[Extracted records]
☆ ☆ ☆
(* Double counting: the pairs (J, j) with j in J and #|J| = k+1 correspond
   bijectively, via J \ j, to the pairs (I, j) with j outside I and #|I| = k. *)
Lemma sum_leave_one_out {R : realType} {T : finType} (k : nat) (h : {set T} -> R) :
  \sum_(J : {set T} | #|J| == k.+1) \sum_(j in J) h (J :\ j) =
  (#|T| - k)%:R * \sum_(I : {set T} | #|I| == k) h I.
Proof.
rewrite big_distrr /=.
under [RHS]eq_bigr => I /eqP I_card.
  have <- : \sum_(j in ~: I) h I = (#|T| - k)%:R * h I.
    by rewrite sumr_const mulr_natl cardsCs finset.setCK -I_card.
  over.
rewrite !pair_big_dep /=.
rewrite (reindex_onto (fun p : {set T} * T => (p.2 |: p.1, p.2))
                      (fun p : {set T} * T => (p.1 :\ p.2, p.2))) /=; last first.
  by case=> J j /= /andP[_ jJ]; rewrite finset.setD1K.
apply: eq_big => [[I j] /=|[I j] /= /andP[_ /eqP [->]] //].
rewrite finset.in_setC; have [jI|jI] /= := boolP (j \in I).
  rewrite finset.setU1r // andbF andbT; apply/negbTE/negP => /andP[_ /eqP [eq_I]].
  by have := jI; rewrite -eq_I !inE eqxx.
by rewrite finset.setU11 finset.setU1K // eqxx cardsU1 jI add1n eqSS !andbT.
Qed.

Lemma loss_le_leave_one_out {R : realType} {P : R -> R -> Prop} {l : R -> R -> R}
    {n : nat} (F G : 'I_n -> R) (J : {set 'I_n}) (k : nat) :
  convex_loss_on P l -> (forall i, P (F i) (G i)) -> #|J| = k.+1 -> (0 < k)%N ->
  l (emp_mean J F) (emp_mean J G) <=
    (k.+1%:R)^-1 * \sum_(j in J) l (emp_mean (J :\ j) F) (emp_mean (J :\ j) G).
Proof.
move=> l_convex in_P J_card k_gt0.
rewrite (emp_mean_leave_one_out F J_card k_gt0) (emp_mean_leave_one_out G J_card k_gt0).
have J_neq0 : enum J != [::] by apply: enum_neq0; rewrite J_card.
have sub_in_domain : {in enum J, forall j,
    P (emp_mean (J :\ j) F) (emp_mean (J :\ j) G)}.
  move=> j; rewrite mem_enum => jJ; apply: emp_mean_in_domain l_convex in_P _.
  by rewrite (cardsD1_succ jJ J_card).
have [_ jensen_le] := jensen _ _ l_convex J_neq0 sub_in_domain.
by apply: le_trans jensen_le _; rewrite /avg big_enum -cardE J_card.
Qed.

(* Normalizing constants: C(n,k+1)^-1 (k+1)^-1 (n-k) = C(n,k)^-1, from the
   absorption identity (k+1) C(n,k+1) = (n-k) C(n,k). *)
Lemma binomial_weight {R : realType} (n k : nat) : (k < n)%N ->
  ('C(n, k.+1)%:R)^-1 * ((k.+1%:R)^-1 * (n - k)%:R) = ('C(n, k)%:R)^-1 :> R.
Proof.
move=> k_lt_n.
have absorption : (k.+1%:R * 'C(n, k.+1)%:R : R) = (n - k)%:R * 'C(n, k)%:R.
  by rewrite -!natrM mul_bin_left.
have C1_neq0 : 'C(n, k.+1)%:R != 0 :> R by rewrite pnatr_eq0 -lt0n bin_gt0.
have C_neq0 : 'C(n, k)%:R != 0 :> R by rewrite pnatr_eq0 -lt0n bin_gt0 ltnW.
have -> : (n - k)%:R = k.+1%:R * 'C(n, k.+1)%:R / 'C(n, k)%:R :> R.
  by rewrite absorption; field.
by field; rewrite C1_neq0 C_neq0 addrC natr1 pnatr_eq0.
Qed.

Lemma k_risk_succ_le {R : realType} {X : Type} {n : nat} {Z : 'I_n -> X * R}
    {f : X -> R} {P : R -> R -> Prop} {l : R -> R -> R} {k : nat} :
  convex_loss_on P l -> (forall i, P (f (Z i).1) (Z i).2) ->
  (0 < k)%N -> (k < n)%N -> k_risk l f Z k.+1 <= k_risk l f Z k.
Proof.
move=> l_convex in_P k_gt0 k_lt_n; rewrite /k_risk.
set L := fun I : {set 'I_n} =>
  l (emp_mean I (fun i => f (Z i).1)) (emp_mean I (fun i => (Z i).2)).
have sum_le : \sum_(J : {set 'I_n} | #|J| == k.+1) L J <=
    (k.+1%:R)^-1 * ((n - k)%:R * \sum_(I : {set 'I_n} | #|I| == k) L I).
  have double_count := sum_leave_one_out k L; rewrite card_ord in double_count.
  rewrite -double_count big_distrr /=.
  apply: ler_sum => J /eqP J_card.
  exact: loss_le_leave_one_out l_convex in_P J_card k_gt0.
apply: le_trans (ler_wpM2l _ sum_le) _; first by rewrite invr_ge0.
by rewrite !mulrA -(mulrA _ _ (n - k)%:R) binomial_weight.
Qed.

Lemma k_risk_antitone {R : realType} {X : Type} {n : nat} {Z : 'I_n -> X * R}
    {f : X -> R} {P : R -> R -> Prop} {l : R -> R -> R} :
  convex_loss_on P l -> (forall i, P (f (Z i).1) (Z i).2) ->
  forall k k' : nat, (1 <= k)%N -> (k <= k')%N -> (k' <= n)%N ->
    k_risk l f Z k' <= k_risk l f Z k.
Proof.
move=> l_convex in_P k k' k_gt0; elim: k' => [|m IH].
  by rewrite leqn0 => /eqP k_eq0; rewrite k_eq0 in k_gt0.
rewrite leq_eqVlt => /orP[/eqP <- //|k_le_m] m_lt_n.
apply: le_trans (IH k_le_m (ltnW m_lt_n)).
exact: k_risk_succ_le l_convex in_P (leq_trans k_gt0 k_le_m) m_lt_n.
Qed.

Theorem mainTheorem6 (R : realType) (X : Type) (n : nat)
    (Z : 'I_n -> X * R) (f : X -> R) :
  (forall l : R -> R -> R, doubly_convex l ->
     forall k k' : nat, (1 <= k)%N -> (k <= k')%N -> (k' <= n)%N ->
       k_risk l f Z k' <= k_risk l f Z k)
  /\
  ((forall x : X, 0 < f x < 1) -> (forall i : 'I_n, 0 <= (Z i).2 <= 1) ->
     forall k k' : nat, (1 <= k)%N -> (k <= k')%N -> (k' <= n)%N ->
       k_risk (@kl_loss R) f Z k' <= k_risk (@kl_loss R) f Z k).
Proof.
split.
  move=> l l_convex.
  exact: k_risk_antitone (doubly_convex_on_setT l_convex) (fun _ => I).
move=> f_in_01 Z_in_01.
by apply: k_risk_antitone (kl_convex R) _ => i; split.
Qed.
☆ ☆ ☆
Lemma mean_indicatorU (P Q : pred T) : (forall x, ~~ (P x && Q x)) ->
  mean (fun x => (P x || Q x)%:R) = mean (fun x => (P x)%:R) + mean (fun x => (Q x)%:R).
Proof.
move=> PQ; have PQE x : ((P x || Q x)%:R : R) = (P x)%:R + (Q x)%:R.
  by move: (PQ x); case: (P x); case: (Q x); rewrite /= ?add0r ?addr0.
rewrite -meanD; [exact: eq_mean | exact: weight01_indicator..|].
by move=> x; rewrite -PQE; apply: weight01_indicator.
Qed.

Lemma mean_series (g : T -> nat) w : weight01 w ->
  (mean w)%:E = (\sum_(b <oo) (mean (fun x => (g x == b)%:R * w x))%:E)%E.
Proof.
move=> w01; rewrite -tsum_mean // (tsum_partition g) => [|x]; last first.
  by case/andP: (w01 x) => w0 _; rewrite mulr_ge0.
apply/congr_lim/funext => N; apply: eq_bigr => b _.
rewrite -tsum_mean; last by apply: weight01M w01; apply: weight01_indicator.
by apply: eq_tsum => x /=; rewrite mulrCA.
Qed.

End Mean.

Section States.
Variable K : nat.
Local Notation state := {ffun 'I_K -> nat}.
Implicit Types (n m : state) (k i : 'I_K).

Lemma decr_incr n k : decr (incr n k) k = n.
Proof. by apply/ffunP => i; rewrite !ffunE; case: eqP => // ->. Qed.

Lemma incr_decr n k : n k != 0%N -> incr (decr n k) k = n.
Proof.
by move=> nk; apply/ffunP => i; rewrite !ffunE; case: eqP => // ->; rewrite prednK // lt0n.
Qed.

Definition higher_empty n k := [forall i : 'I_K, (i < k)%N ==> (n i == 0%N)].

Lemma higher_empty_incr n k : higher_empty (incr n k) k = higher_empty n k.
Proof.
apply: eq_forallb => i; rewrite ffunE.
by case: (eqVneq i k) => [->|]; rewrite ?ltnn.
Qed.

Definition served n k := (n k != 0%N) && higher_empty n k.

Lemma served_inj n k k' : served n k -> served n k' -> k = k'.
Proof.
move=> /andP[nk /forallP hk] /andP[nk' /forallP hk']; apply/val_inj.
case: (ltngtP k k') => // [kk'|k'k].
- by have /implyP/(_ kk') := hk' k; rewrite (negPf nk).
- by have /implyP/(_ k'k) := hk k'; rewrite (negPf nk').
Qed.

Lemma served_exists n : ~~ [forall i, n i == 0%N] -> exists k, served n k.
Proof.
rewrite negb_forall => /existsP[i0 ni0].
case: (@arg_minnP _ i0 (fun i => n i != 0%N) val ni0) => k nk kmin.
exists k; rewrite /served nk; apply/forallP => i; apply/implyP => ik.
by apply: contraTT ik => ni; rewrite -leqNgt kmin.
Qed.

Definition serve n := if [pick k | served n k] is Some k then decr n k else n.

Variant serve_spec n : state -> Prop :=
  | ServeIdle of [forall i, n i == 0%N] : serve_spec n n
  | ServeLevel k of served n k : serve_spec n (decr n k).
☆ ☆ ☆
Your objective: Lines with "ltnW" in them are what the answer must contain; copy each from the records above.

Response box:
have C_neq0 : 'C(n, k)%:R != 0 :> R by rewrite pnatr_eq0 -lt0n bin_gt0 ltnW.
apply: le_trans (IH k_le_m (ltnW m_lt_n)).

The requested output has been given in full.